Apart from that, the only parts I changed was the belts ,oils and brakes.


----------



## infrared (Aug 1, 2002)

Since you are a 300ZX owner you may be familiar with the earlier version of hicas if you are comfortable with it no problem but , the rear tends to get a littlle loose at high speeds ( I think due to the 4 wheel steering and hicas).
If you are not comfortable with it try Stillens hicas eliminator.


----------



## CarbonBlack200 (Apr 30, 2002)

*Non GT-R R32*

In Japan, earlier GTS (May 89-Feb 93) came with 155ps 2.0L (RB20DE) and GTS-T had 215ps RB20DET. There are model called GTS25 (RB25DE *non turbo 180ps) came out in Feb 93.

There are no R32s came with RB25DET. The first RB25DET came with R33 model.
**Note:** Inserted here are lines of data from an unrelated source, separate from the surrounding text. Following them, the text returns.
Lemma outline_s_assert X Y P Q :
  outline X Y (spec P (sasaki_conj Q P)) -> outline X Y (PAssert q Q).
Proof.
move/outline_specW; apply=> XP conjY.
exact/ol_assert/(psub_trans (sasaki_conjS _ XP) conjY).
Qed.

Lemma outline_w_choice X Y P1 P2 Q p : outline X Y (spec (pmeet P1 P2) Q) ->
  outline X Y (PChoice (spec P1 Q) (spec P2 Q) p).
Proof.
move/outline_specW; apply; rewrite psub_pmeet => /andP[XP1 XP2] QY.
by apply: ol_choice; apply: ol_spec.
Qed.

Lemma outline_s_choice X Y P Q1 Q2 p : outline X Y (spec P (pjoin Q1 Q2)) ->
  outline X Y (PChoice (spec P Q1) (spec P Q2) p).
Proof.
move/outline_specW; apply=> XP; rewrite pjoin_psub => /andP[Q1Y Q2Y].
by apply: ol_choice; apply: ol_spec.
Qed.

Lemma outline_w_if X Y P P1 P0 Q :
  outline X Y (spec (pmeet (sasaki_imp P P1) (sasaki_imp (pperp P) P0)) Q) ->
  outline X Y (PIf q P (spec P1 Q) (spec P0 Q)).
Proof.
move/outline_specW; apply; rewrite psub_pmeet -!sasaki_adjunction => /andP[c1 c0] QY.
by apply: ol_if c1 c0 _ _; apply: ol_spec (psub_refl _) QY.
Qed.

Lemma outline_w_if_spec X Y P P1 P0 X1 X0 Q :
  psub (sasaki_conj P X) X1 -> psub (sasaki_conj (pperp P) X) X0 ->
  outline X1 Y (spec P1 Q) -> outline X0 Y (spec P0 Q) ->
  outline X Y (spec (pmeet (sasaki_imp P P1) (sasaki_imp (pperp P) P0)) Q).
Proof.
have below_bot Z : psub Z (pbot R k) -> forall W, psub Z W.
  by move=> Zbot W; apply: psub_trans Zbot (pbot_psub W).
move=> conj1 conj0 ol1 ol0.
case/outline_specE: ol1 => [top|bot1|[X1P1 QY]]; first exact: ol_top top.
- case/outline_specE: ol0 => [top|bot0|[X0P0 QY]]; first exact: ol_top top.
    apply: ol_bot; rewrite psub_pbotE; apply/eqP/sasaki_conj_pbot.
      exact: psub_trans conj1 bot1.
    exact: psub_trans conj0 bot0.
  apply: ol_spec QY; rewrite psub_pmeet -!sasaki_adjunction.
  by rewrite (psub_trans conj1 (below_bot _ bot1 _)) (psub_trans conj0 X0P0).
- case/outline_specE: ol0 => [top|bot0|[X0P0 _]]; first exact: ol_top top.
  all: apply: ol_spec QY; rewrite psub_pmeet -!sasaki_adjunction.
  + by rewrite (psub_trans conj1 X1P1) (psub_trans conj0 (below_bot _ bot0 _)).
  + by rewrite (psub_trans conj1 X1P1) (psub_trans conj0 X0P0).
Qed.

Lemma outline_s_if X Y P Q R0 : outline X Y (spec P Q) ->
  outline X Y (PIf q R0 (spec (sasaki_conj R0 P) Q) (spec (sasaki_conj (pperp R0) P) Q)).
Proof.
move/outline_specW; apply=> XP QY.
by apply: ol_if (sasaki_conjS _ XP) (sasaki_conjS _ XP) _ _; apply: ol_spec (psub_refl _) QY.
Qed.

Lemma outline_w_while X Y P Q R0 (J := pmeet (sasaki_imp P Q) (sasaki_imp (pperp P) R0)) :
  outline X Y (spec J R0) -> outline X Y (PWhile q P (spec Q J)).
Proof.
move/outline_specW; apply=> XJ RY.
have /andP[JQ JR] : psub J (sasaki_imp P Q) && psub J (sasaki_imp (pperp P) R0).
  by rewrite -psub_pmeet psub_refl.
apply: ol_while XJ _ _ _; last by apply: ol_spec; apply: psub_refl.
  by rewrite sasaki_adjunction.
by apply: psub_trans RY; rewrite sasaki_adjunction.
Qed.

Lemma outline_s_while X Y P I : outline X Y (spec I (sasaki_conj (pperp P) I)) ->
  outline X Y (PWhile q P (spec (sasaki_conj P I) I)).
Proof.
move/outline_specW; apply=> XI conjY.
by apply: ol_while XI (psub_refl _) conjY _; apply: ol_spec; apply: psub_refl.
Qed.

End RuleAdmissibility.

Section ChoiceAdmissibility.
Variables (R : realType) (V : finType) (k : nat) (q : reg V k).
Variables (k' : nat) (q' : reg V k').
Implicit Types (X Y : proj R k) (P Q : proj R k').
Lemma slot1_bound L a j m1 m2 : a < m1 -> j < L -> slot1 L a j <= ((m1 + m2) * L).*2.
Proof. rewrite /slot1 -!muln2 => h1 h2; nia. Qed.

Lemma slot2_bound L b i m1 m2 : b < m2 -> i < L -> slot2 L b i <= ((m1 + m2) * L).*2.
Proof. rewrite /slot2 -!muln2 => h1 h2; nia. Qed.

(* For outputs [d1], [d2]
   with parameters [k1], [k2], colour [(i, j)] of the product is encoded as
   [i * k2 + j]; a copy [j < k2] of a vertex of colour [i] of the first output
   gets colour [(i, j)], a copy [i < k1] of a vertex of colour [j] of the
   second output gets colour [(i, j)], and the hub is uncoloured. *)
Definition copy_bound (d1 d2 : routput) := o_k d1 + o_k d2.
Definition comb_size (d1 d2 : routput) := ((o_m d1 + o_m d2) * copy_bound d1 d2).*2.

Definition comb_col (d1 d2 : routput) (x : nat) : option nat :=
  let a := x.-1./2 %/ copy_bound d1 d2 in let j := x.-1./2 %% copy_bound d1 d2 in
  if x == 0 then None
  else if odd x then
    if (a < o_m d1) && (j < o_k d2) then omap (fun i => i * o_k d2 + j) (o_col d1 a) else None
  else
    if (a < o_m d2) && (j < o_k d1) then omap (fun j' => j * o_k d2 + j') (o_col d2 a) else None.

Lemma comb_col_slot1 d1 d2 a j : j < copy_bound d1 d2 ->
  comb_col d1 d2 (slot1 (copy_bound d1 d2) a j) =
  if (a < o_m d1) && (j < o_k d2) then omap (fun i => i * o_k d2 + j) (o_col d1 a) else None.
Proof.
move=> hj; have L0 : 0 < copy_bound d1 d2 by apply: leq_ltn_trans hj.
rewrite /comb_col /slot1 /= odd_double half_double.
by rewrite divnMDl // divn_small // addn0 modnMDl modn_small.
Qed.

Lemma comb_col_slot2 d1 d2 b i : i < copy_bound d1 d2 ->
  comb_col d1 d2 (slot2 (copy_bound d1 d2) b i) =
  if (b < o_m d2) && (i < o_k d1) then omap (fun j => i * o_k d2 + j) (o_col d2 b) else None.
Proof.
move=> hi; have L0 : 0 < copy_bound d1 d2 by apply: leq_ltn_trans hi.
rewrite /comb_col /slot2 /= odd_double uphalf_double.
by rewrite divnMDl // divn_small // addn0 modnMDl modn_small.
Qed.

Definition has_entry (E : seq entry) (X U Y : nat) : bool :=
  has (fun e => [&& e_src e == X, e_tid e == U & e_tidx e == Y]) E.

Lemma has_entry_cat E1 E2 X U Y :
  has_entry (E1 ++ E2) X U Y = has_entry E1 X U Y || has_entry E2 X U Y.
Proof. exact: has_cat. Qed.

Definition copy_entry (enc : nat -> nat -> nat) (e : entry) (j j' : nat) : entry :=
  Entry (enc (e_src e) j) (e_tid e) (enc (e_tidx e) j') (e_path e).

Definition copies (enc : nat -> nat -> nat) (k : nat) (E : seq entry) : seq entry :=
  flatten [seq [seq copy_entry enc e j j' | j <- iota 0 k, j' <- iota 0 k] | e <- E].

Lemma mem_copies enc k E e' : e' \in copies enc k E <->
  exists e j j', [/\ e \in E, j < k, j' < k & e' = copy_entry enc e j j'].
Proof.
split.
- case/flatten_mapP => e he /allpairsP [[j j'] /= [hj hj' ->]].
  by exists e, j, j'; move: hj hj'; rewrite !mem_iota.
- case=> e [j [j' [he hj hj' ->]]]; apply/flatten_mapP; exists e => //.
  by apply/allpairsP; exists (j, j'); rewrite !mem_iota.
Qed.

Lemma has_entry_copies_out enc k E X U Y :
  (forall a j, enc a j != X) -> has_entry (copies enc k E) X U Y = false.
Proof.
move=> hX; apply/hasP => [[e' /mem_copies [e [j [j' [_ _ _ ->]]]]]].
by rewrite /= (negbTE (hX _ _)).
Qed.

Section Copies.
Variables (enc : nat -> nat -> nat) (k : nat).
Hypothesis enc_inj :
  forall a j a' j', j < k -> j' < k -> enc a j = enc a' j' -> a = a' /\ j = j'.

Lemma has_entry_copies E a j U a' j' : j < k -> j' < k ->
  has_entry (copies enc k E) (enc a j) U (enc a' j') = has_entry E a U a'.
Proof.
move=> hj hj'; apply/hasP/hasP.
- case=> _ /mem_copies [e [i [i' [he hi hi' ->]]]] /and3P [/eqP E1 /eqP E2 /eqP E3].
  case: (enc_inj hi hj E1) (enc_inj hi' hj' E3) => <- _ [<- _].
  by exists e => //; rewrite E2 !eqxx.
- case=> e he /and3P [/eqP E1 /eqP E2 /eqP E3]; exists (copy_entry enc e j j').
    by apply/mem_copies; exists e, j, j'.
  by rewrite /= E1 E2 E3 !eqxx.
Qed.

Lemma has_entry_copies_loop E X U :
  has_entry (copies enc k E) X U X -> exists a, has_entry E a U a.
Proof.
case/hasP => _ /mem_copies [e [j [j' [he hj hj' ->]]]] /and3P [/eqP <- /eqP E2 /eqP E3].
case: (enc_inj hj' hj E3) => E4 _.
by exists (e_src e); apply/hasP; exists e => //; rewrite E2 E4 !eqxx.
Qed.
End Copies.
(* Let $G=(V,E)$ be an undirected graph with $n$ vertices, and let $\pi$ be a uniformly random ordering of $V$. Let $\ell>0$ and $d\le n$ be positive, and let $P$ be the $(\ell/d)$-prefix of $V$ with respect to $\pi$. Let $W$ be the lexicographically first maximal independent set of the induced subgraph $G[P]$ with respect to $\pi$. If $W$ and all of its neighbors $N_G(W)$ are removed from $G$, then with probability at least $1-n/e^{\ell}$ every remaining vertex has degree at most $d$ in the remaining graph $G[V\setminus (W\cup N_G(W))]$.
   Context: For a vertex set $U$, $N_G(U)$ is the set of all neighbors of vertices in $U$, and $G[U]$ is the subgraph induced by $U$. For an ordered vertex set $V$ and $0<\delta\le 1$, the $\delta$-prefix $P(V,\pi,\delta)$ is the set of the $\delta|V|$ earliest vertices of $V$ in the ordering $\pi$. The lexicographically first maximal independent set of a graph with respect to an ordering $\pi$ is the output of the sequential greedy algorithm: repeatedly take the first remaining vertex $v$ in the order $\pi$, add it to the set, and delete $v$ and all its neighbors, until no vertices remain. *)

From HB Require Import structures.
From mathcomp Require Import all_boot all_order all_fingroup all_algebra.
From mathcomp Require Import reals sequences exp.
Set Implicit Arguments. Unset Strict Implicit. Unset Printing Implicit Defensive.
Import Order.TTheory GRing.Theory Num.Theory.

(* Simple undirected graph on a finite vertex type T: e is a symmetric,
   irreflexive relation.  A vertex ordering is a permutation sigma of T;
   the position of v is the rank of sigma v in the enumeration of T. *)

Section Defs.
Variable T : finType.

Definition pos (s : {perm T}) (v : T) : nat := enum_rank (s v).

Definition nbhd (e : rel T) (U : {set T}) : {set T} :=
  [set u | [exists w in U, e w u]].

Fixpoint greedy_mis (e : rel T) (s : {perm T}) (fuel : nat) (Rm : {set T})
  : {set T} :=
  match fuel with
  | 0 => set0
  | f.+1 =>
    match [pick v in Rm | [forall u in Rm, pos s v <= pos s u]] with
    | Some v => v |: greedy_mis e s f (Rm :\: (v |: nbhd e [set v]))
    | None => set0
    end
  end.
Some low end R32 GXi even came with SOHC 4 cyl engine (CA18i 91ps ). and GTE also came with 125ps SOHC RB20E engine.


----------



## crashjust4kix (May 9, 2003)

hey, man if you're in jersey, you gotta come down to toms river and cause a stir. me and some of the other nissan freeks will pay your fuel and buy you dinner and beer and just about anything else we can find if you let us stand around and stare... never had a skyline of any kind swing through, so it'd be a kick.


----------



## StraightSix (Oct 24, 2002)

Check out www.rb20det.com for info and links about the engine you'll be getting.

J


----------



## Nizmodore (May 9, 2003)

heh cruise through in a dented R31 Station wagon like my faimily has....will that cause a stir?! Will people pay to see that? LOL


----------



## Guest (Jun 21, 2003)

Don't buy a GTS!!!!!!!!!!!! Save your money and buy a cheaper better car.


----------